TASK INSTRUCTIONS => Each line in the entries that has the word "mathcomp" has to be copied.
[EXTRACTED RECORDS Boundary: Start]
(* In a finite dynamic game as described in the context, if $K^i$ is unilaterally sufficient information for player $i$, then for every Bayes–Nash equilibrium behavioral strategy profile $g=(g^j)_{j\in\mathcal{I}}$ there exists a $K^i$-based strategy $\rho^i$ such that $(\rho^i,g^{-i})$ is a Bayes–Nash equilibrium and $J^j(\rho^i,g^{-i})=J^j(g)$ for all $j\in\mathcal{I}$.
   Context: Game model: finite set of players $\mathcal{I}$, times $\mathcal{T}=\{1,\dots,T\}$. At time $t$ each player $i$ takes action $U_t^i\in\mathcal{U}_t^i$, obtains reward $R_t^i\in[-1,1]$ and learns new information $Z_t^i\in\mathcal{Z}_t^i$. There is a state $X_t\in\mathcal{X}_t$ with $(X_{t+1},Z_t,R_t)=f_t(X_t,U_t,W_t)$ for fixed functions $f_t$. Primitive random variables $(X_1,H_1)$ and $W_1,\dots,W_T$ are mutually independent with commonly known distributions. All sets are finite. Perfect recall: $H_t^i=(H_1^i,Z_{1:t-1}^i)\in\mathcal{H}_t^i$, and $U_t^i$ is a component of $Z_t^i$. Behavioral strategy $g_t^i:\mathcal{H}_t^i\to\Delta(\mathcal{U}_t^i)$; payoff $J^j(g)=\mathbb{E}^g[\sum_t R_t^j]$. A profile $g$ is a Bayes–Nash equilibrium if $J^j(g)\ge J^j(\tilde g^j,g^{-j})$ for all $j$ and all behavioral $\tilde g^j$. A realization is admissible under $g$ if it has positive probability under $g$. Compression: $K_1^i=\iota_1^i(H_1^i)$, $K_t^i=\iota_t^i(K_{t-1}^i,Z_{t-1}^i)$ for fixed maps, finite value sets $\mathcal{K}_t^i$; $k_t^i$ is the compression of $h_t^i$; a $K^i$-based strategy has $\rho_t^i:\mathcal{K}_t^i\to\Delta(\mathcal{U}_t^i)$. Unilaterally sufficient information (USI): $K^i$ is USI for player $i$ if there exist $F_t^{i,g^i}:\mathcal{K}_t^i\to\Delta(\mathcal{H}_t^i)$ depending only on $g^i$ and $\Phi_t^{i,g^{-i}}:\mathcal{K}_t^i\to\Delta(\mathcal{X}_t\times\mathcal{H}_t^{-i})$ depending only on $g^{-i}$ with $\Pr^g(x_t,h_t\mid k_t^i)=F_t^{i,g^i}(h_t^i\mid k_t^i)\Phi_t^{i,g^{-i}}(x_t,h_t^{-i}\mid k_t^i)$ for all behavioral profiles $g$, all $t$, all $k_t^i$ admissible under $g$ (with $x_t,h_t^i,h_t^{-i}$ ranging independently; the left side is $0$ if they disagree on shared components). *)

From HB Require Import structures.
From mathcomp Require Import all_boot all_order all_algebra.
From mathcomp Require Import reals.

Set Implicit Arguments.
Unset Strict Implicit.
Unset Printing Implicit Defensive.

Import Order.TTheory GRing.Theory Num.Theory.
Local Open Scope ring_scope.

(* Times are 0-indexed: the paper's time t corresponds to t-1 here, so the
   horizon T = {1,...,T} becomes {0,...,T-1}.  Families indexed by nat are
   only relevant for t < horizon (resp. t <= horizon for states). *)

Definition is_dist (R : realType) (A : finType) (p : A -> R) : Prop :=
  (forall a, 0 <= p a) /\ \sum_(a : A) p a = 1.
[EXTRACTED RECORDS Boundary: End]
RESPONSE AREA =>
From mathcomp Require Import all_boot all_order all_algebra.
From mathcomp Require Import reals.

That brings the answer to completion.